Exercise goal: Report every line from the following entries that contains the string "resp".

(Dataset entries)
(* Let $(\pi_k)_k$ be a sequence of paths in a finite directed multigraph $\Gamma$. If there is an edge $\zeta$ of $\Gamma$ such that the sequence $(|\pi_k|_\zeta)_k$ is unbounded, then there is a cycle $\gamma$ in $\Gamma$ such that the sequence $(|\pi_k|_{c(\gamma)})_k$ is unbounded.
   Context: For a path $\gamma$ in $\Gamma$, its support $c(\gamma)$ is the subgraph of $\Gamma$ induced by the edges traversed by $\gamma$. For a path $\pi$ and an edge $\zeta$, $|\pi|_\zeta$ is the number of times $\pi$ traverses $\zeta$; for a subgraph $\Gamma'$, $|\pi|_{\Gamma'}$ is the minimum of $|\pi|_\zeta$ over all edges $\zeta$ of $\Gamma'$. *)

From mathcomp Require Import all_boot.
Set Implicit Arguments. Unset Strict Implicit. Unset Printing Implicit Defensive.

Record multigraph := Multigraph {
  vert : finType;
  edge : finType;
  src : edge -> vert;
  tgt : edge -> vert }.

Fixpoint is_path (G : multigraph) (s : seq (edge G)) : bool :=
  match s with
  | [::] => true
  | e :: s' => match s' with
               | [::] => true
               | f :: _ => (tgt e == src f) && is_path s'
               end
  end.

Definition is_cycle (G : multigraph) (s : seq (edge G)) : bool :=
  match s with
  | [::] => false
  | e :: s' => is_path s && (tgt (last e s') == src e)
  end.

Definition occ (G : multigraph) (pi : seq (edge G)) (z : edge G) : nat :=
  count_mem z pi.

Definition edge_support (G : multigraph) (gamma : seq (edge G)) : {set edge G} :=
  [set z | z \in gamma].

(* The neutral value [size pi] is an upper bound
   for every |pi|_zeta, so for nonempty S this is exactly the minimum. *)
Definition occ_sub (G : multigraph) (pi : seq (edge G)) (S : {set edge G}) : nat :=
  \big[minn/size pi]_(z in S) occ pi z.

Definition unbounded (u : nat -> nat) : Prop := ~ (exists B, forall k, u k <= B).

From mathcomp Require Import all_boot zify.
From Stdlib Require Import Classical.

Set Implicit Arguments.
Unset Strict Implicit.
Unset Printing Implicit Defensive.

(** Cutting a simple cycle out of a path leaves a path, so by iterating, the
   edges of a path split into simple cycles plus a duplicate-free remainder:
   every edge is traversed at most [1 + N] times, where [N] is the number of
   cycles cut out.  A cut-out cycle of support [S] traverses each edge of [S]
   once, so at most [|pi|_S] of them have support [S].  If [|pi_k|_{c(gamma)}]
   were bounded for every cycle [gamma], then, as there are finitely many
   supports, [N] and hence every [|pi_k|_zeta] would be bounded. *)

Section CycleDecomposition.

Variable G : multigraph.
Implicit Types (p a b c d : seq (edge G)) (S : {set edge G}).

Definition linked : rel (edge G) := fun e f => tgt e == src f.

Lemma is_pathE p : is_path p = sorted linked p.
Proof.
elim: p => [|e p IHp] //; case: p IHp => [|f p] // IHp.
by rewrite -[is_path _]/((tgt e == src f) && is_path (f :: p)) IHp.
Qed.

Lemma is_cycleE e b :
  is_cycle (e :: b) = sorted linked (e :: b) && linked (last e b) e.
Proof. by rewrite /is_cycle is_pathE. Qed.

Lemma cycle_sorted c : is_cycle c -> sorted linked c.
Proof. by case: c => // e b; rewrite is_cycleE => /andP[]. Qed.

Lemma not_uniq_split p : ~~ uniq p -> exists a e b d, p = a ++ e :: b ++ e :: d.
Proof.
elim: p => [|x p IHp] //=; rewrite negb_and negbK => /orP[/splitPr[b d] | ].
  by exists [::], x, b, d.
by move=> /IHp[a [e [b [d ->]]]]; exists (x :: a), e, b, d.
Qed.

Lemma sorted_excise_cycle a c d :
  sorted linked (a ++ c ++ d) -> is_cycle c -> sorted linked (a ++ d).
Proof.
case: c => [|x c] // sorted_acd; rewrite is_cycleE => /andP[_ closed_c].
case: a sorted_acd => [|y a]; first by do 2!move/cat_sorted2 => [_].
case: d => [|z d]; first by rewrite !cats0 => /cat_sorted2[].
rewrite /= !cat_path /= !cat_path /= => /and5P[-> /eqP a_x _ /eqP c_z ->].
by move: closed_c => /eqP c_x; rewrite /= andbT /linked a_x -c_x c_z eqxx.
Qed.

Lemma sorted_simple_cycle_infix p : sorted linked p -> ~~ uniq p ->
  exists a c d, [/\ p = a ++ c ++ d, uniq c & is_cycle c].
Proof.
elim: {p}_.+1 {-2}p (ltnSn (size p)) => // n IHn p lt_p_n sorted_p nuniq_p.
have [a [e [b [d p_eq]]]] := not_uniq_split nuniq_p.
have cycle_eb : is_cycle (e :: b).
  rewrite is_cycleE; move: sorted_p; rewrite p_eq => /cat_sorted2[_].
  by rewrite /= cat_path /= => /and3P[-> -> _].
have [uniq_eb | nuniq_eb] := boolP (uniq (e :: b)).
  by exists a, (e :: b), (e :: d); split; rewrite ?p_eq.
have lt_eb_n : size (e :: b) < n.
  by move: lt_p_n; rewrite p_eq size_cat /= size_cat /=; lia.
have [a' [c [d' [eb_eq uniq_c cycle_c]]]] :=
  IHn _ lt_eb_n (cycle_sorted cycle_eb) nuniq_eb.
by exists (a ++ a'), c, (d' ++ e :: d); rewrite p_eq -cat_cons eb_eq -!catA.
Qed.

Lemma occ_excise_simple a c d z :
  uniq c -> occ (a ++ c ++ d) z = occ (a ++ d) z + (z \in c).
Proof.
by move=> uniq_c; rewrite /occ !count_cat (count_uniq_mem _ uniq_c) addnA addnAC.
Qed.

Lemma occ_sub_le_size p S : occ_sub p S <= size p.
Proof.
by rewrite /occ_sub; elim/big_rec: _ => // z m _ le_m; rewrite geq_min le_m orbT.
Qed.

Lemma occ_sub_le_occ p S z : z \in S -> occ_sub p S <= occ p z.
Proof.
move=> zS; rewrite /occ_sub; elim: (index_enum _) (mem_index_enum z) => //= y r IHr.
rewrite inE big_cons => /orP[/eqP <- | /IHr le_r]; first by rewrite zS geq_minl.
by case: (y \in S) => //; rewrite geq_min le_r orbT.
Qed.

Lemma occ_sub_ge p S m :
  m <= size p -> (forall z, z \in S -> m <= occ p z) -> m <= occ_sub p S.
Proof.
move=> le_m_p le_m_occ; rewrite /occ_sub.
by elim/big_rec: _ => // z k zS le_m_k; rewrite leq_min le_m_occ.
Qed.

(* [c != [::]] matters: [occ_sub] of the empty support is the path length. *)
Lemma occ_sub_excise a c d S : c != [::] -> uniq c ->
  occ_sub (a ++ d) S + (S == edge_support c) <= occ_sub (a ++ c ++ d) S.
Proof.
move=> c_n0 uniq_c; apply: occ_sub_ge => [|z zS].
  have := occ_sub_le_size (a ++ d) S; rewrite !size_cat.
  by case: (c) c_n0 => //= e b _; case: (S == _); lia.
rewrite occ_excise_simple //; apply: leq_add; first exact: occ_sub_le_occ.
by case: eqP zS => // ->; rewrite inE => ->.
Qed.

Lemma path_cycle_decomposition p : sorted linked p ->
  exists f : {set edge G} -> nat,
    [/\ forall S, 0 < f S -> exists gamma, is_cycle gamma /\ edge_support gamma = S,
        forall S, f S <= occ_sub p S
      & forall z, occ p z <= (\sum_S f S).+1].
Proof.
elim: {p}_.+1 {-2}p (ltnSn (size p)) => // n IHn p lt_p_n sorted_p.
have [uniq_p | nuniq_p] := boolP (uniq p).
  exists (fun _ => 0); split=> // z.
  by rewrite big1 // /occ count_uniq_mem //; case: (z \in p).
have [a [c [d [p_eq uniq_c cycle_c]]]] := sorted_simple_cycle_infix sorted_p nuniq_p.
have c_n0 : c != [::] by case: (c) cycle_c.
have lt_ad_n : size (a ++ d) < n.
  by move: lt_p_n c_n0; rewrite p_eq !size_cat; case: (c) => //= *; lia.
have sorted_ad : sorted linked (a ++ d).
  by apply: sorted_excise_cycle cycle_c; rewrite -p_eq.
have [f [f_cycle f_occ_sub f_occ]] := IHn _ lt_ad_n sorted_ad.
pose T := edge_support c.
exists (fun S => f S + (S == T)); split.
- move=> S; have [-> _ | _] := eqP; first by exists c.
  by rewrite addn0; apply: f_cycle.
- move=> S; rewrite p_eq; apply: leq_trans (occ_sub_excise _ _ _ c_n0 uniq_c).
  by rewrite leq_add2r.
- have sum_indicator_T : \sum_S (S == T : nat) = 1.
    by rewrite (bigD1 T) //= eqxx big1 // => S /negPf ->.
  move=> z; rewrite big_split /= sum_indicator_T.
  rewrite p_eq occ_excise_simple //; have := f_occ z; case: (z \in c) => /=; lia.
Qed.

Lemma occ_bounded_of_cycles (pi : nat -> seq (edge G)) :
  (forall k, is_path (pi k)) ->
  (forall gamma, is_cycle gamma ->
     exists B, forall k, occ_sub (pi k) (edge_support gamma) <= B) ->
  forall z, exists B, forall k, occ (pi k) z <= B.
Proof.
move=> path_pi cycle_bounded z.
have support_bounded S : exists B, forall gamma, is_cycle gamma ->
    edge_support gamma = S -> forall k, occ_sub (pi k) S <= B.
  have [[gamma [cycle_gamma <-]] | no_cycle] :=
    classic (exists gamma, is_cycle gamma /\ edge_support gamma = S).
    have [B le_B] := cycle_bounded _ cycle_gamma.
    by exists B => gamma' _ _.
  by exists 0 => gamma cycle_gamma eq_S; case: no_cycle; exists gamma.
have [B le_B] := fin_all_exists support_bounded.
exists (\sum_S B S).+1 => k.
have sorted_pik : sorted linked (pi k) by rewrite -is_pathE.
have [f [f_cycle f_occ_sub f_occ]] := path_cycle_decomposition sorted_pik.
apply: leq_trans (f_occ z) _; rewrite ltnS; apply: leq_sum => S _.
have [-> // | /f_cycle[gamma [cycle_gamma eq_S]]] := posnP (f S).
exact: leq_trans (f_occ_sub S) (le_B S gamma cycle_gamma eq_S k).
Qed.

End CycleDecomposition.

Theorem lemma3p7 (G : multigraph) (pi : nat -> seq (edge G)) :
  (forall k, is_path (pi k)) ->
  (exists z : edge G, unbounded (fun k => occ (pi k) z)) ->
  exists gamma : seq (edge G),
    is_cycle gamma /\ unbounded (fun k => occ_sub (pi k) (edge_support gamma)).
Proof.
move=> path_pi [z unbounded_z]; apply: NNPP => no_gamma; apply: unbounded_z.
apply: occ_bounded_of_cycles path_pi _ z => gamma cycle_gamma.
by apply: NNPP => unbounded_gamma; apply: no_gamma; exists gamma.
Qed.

...

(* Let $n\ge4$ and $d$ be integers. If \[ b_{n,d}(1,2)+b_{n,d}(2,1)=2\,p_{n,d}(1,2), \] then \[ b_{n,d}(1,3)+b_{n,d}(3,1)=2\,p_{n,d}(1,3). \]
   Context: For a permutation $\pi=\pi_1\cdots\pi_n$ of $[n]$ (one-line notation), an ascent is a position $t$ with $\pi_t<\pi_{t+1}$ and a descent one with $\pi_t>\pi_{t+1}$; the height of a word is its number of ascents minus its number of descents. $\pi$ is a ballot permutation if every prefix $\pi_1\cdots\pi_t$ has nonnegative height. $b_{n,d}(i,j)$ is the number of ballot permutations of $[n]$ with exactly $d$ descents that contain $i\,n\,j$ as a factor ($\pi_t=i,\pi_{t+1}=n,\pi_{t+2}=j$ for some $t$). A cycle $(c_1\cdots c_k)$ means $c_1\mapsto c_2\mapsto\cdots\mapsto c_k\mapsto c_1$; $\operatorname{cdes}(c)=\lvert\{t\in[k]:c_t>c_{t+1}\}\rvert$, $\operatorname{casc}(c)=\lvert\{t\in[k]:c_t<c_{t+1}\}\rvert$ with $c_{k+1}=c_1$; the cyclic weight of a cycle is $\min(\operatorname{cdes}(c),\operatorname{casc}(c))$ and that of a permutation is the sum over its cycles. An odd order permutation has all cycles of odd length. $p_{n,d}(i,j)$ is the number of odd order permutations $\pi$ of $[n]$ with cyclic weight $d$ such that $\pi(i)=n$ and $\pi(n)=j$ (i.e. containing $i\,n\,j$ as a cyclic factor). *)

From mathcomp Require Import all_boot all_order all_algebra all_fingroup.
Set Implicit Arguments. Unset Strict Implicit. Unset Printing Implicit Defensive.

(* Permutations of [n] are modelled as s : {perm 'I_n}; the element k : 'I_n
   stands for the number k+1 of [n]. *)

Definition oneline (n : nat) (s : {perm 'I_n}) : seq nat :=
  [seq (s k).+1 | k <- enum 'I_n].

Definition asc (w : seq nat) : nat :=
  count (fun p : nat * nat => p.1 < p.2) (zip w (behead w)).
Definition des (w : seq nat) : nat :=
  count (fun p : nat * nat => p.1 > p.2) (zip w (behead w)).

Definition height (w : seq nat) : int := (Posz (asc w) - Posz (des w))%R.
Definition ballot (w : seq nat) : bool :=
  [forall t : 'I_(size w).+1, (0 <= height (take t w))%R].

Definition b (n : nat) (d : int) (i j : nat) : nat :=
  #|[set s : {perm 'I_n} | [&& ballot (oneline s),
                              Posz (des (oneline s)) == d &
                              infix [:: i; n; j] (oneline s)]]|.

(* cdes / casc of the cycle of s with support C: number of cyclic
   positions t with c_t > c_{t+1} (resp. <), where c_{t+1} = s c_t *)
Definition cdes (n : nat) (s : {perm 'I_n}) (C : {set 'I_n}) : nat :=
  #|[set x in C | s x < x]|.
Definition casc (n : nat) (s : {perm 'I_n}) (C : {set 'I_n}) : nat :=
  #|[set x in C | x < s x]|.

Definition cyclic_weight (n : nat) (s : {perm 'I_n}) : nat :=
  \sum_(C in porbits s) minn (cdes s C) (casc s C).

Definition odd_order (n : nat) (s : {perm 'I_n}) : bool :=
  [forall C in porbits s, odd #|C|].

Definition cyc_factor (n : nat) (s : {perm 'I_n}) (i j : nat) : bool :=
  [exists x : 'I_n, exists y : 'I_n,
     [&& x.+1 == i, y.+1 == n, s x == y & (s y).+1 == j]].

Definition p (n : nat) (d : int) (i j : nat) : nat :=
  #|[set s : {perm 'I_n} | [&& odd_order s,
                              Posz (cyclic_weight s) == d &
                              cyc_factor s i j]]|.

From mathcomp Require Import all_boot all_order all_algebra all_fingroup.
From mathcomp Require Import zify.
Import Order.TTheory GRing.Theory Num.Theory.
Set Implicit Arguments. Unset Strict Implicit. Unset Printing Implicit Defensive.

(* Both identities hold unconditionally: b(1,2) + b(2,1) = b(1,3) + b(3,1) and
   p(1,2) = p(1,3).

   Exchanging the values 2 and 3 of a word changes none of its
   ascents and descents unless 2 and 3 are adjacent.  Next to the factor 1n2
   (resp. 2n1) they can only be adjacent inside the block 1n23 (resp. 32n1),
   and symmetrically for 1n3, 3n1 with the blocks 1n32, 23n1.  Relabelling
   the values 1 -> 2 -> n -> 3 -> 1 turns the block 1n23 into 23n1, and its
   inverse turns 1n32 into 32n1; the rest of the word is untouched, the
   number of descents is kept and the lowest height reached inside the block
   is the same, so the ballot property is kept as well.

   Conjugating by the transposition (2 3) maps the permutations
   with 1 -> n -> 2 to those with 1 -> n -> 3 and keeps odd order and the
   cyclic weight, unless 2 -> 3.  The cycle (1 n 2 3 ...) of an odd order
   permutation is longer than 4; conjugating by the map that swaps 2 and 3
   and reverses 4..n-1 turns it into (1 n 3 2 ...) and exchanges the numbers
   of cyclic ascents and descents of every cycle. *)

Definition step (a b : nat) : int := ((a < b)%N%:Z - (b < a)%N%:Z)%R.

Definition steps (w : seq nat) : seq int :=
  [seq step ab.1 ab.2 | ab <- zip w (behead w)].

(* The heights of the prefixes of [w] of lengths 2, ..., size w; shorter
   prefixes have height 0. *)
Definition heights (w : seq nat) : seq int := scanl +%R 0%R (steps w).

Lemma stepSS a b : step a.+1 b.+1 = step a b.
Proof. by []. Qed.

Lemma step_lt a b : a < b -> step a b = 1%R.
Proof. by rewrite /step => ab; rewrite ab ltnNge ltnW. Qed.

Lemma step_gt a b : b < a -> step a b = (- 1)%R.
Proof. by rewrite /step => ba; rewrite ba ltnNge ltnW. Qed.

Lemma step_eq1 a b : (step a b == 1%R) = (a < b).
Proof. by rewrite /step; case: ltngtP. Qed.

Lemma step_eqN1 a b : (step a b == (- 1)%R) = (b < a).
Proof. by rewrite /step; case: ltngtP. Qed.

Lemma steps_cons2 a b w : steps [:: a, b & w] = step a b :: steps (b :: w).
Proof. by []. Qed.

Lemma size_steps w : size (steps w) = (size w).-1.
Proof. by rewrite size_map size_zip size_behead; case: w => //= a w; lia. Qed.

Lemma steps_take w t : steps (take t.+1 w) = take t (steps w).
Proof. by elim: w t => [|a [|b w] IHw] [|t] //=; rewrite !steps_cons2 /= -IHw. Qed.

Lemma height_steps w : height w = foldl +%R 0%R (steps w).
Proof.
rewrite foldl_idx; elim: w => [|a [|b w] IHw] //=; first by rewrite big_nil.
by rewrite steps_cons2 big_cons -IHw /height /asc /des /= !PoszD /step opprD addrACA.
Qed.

Task output:
   positions t with c_t > c_{t+1} (resp. <), where c_{t+1} = s c_t *)
   (resp. 2n1) they can only be adjacent inside the block 1n23 (resp. 32n1),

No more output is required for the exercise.